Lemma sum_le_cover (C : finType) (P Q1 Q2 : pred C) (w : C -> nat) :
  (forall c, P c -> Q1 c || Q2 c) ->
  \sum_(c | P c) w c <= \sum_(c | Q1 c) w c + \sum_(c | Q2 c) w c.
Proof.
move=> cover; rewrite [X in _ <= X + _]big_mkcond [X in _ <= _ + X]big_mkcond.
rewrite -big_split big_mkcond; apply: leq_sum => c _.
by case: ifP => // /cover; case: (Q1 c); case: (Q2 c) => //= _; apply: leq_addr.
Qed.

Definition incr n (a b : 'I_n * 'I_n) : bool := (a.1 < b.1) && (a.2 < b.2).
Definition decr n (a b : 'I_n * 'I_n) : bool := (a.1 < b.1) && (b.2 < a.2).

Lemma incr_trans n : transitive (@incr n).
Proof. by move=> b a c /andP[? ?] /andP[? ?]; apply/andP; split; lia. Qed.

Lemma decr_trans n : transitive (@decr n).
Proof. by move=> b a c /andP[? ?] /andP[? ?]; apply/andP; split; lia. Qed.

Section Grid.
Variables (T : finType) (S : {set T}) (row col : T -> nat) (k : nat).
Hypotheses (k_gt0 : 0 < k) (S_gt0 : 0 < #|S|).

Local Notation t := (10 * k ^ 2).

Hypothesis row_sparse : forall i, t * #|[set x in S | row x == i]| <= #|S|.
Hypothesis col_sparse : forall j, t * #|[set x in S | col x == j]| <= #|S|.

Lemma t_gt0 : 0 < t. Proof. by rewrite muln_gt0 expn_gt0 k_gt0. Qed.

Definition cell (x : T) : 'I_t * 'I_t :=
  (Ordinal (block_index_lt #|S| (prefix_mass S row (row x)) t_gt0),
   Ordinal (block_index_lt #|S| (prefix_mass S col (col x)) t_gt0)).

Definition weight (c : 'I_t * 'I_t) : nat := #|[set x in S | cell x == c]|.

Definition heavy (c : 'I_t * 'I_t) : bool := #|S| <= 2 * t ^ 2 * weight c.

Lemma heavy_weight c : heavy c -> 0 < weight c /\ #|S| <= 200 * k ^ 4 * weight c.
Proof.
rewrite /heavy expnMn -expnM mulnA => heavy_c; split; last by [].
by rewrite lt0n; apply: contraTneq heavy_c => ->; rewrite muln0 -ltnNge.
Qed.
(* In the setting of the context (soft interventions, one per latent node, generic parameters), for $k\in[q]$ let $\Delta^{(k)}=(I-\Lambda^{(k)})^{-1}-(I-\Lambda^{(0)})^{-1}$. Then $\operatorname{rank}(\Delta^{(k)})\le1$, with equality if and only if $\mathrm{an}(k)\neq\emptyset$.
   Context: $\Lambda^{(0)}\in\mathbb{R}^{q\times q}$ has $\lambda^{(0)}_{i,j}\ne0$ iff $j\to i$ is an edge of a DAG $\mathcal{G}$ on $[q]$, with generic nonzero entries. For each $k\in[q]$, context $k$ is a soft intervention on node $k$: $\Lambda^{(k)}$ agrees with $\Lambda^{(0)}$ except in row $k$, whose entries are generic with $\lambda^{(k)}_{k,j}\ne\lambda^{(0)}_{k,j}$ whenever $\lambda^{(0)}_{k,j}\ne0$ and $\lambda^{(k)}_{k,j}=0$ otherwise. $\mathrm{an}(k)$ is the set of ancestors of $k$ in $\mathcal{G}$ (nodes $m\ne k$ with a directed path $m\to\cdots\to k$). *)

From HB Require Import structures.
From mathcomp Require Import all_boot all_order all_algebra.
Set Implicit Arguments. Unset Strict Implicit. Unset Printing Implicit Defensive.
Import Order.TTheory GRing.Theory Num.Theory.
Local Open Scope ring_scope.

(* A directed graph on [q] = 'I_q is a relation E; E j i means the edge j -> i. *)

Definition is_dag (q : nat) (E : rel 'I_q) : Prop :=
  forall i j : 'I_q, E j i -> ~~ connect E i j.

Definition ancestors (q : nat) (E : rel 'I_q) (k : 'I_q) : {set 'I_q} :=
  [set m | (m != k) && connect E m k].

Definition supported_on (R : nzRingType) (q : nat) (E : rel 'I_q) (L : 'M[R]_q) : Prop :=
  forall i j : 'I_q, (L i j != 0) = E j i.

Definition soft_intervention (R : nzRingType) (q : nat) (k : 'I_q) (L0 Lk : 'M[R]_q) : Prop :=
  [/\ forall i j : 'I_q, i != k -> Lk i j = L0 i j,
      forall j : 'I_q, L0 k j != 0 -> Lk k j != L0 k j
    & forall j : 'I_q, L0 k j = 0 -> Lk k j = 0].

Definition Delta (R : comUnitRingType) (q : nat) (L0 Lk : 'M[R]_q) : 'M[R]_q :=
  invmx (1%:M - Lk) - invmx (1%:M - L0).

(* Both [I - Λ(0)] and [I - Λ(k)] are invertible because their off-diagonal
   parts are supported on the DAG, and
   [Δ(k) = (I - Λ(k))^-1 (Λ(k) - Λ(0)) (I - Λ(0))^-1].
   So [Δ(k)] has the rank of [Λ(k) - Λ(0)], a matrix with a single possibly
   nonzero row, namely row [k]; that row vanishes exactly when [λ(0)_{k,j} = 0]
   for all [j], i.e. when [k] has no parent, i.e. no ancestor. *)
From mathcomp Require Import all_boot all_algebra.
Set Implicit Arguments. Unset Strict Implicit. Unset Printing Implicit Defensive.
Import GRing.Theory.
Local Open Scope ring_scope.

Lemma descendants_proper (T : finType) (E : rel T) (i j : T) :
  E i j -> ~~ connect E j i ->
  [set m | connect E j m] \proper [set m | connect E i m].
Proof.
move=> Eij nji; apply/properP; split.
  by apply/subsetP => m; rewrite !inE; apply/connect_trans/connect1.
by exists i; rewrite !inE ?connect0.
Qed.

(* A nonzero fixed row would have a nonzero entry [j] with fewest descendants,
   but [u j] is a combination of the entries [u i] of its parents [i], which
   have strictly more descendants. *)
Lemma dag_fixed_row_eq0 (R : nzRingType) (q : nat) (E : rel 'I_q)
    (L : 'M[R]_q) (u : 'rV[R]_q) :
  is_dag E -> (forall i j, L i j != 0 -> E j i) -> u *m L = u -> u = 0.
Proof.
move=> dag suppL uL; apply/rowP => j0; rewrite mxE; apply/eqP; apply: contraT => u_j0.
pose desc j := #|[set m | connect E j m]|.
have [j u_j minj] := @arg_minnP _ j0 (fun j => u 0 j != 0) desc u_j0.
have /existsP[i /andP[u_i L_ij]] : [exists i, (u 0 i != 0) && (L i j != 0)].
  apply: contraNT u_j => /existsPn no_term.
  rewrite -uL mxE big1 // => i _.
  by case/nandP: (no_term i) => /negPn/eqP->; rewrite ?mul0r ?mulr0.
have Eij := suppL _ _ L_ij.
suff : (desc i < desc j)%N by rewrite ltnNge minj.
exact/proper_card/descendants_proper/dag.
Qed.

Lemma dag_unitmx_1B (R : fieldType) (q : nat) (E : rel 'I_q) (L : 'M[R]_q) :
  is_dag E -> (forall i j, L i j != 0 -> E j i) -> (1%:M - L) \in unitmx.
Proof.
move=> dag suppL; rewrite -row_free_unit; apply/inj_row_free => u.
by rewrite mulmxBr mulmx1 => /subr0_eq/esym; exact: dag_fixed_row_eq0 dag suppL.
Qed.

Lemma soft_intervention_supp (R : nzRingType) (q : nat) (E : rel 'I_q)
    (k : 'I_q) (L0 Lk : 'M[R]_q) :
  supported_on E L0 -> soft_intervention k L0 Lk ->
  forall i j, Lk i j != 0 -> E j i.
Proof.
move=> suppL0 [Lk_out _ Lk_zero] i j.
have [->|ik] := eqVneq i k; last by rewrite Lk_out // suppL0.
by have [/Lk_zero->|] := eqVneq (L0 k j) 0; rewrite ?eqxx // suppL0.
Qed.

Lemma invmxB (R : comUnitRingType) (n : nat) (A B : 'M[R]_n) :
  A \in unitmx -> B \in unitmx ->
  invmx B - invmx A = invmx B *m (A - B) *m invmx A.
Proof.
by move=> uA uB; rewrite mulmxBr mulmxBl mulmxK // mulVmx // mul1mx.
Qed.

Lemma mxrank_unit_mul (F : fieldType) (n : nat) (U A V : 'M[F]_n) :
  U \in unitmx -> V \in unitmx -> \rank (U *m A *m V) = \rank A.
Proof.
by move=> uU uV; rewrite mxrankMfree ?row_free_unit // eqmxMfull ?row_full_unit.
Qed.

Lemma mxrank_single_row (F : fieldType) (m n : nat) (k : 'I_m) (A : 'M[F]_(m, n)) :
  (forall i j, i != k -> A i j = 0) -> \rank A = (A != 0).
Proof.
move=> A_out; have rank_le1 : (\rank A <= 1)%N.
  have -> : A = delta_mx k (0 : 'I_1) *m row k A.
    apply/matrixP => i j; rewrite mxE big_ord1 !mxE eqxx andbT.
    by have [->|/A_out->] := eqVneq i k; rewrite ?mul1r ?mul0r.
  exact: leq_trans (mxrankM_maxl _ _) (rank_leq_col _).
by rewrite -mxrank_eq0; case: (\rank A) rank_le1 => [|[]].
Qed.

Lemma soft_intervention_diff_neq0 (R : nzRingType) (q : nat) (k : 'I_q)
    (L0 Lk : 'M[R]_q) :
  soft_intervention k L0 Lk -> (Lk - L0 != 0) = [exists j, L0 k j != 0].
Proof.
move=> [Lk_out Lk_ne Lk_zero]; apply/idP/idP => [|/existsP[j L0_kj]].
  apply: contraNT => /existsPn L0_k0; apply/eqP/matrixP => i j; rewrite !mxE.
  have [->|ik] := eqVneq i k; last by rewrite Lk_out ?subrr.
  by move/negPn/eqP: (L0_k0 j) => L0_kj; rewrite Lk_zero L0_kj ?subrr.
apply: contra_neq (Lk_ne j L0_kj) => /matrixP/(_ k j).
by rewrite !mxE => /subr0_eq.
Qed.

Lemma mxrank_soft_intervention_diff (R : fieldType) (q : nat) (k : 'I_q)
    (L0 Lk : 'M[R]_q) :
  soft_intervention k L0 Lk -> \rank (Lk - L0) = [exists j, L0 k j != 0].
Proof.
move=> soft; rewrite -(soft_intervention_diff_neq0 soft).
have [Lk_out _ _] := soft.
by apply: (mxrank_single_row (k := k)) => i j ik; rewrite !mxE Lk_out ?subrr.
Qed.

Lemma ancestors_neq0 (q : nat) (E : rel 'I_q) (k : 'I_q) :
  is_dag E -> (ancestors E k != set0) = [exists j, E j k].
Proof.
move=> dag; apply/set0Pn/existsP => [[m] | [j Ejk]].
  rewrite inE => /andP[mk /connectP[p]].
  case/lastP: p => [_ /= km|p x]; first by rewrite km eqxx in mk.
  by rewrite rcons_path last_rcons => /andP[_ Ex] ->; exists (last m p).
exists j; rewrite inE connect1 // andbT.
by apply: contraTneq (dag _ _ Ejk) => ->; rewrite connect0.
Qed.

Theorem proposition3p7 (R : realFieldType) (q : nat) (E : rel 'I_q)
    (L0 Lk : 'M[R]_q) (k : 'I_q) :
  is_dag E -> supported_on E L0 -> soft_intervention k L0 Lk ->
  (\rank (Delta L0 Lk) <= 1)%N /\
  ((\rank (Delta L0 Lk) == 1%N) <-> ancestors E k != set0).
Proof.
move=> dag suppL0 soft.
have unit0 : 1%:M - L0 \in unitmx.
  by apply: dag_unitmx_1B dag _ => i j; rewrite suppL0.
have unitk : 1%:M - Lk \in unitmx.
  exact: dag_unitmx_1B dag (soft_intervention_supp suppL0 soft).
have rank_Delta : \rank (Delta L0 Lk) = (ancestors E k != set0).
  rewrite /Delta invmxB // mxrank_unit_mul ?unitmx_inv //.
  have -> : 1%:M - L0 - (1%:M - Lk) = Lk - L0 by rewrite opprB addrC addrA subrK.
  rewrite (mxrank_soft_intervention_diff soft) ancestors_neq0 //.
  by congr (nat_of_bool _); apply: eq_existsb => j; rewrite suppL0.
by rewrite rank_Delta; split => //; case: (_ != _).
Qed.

-*-*-

▶ [TASK DESCRIPTION]: Give again only the lines starting at the one that contains "Theorem proposition3p7 (R" and running to the end of the data.

▶ [RESULT]:
Theorem proposition3p7 (R : realFieldType) (q : nat) (E : rel 'I_q)
    (L0 Lk : 'M[R]_q) (k : 'I_q) :
  is_dag E -> supported_on E L0 -> soft_intervention k L0 Lk ->
  (\rank (Delta L0 Lk) <= 1)%N /\
  ((\rank (Delta L0 Lk) == 1%N) <-> ancestors E k != set0).
Proof.
move=> dag suppL0 soft.
have unit0 : 1%:M - L0 \in unitmx.
  by apply: dag_unitmx_1B dag _ => i j; rewrite suppL0.
have unitk : 1%:M - Lk \in unitmx.
  exact: dag_unitmx_1B dag (soft_intervention_supp suppL0 soft).
have rank_Delta : \rank (Delta L0 Lk) = (ancestors E k != set0).
  rewrite /Delta invmxB // mxrank_unit_mul ?unitmx_inv //.
  have -> : 1%:M - L0 - (1%:M - Lk) = Lk - L0 by rewrite opprB addrC addrA subrK.
  rewrite (mxrank_soft_intervention_diff soft) ancestors_neq0 //.
  by congr (nat_of_bool _); apply: eq_existsb => j; rewrite suppL0.
by rewrite rank_Delta; split => //; case: (_ != _).
Qed.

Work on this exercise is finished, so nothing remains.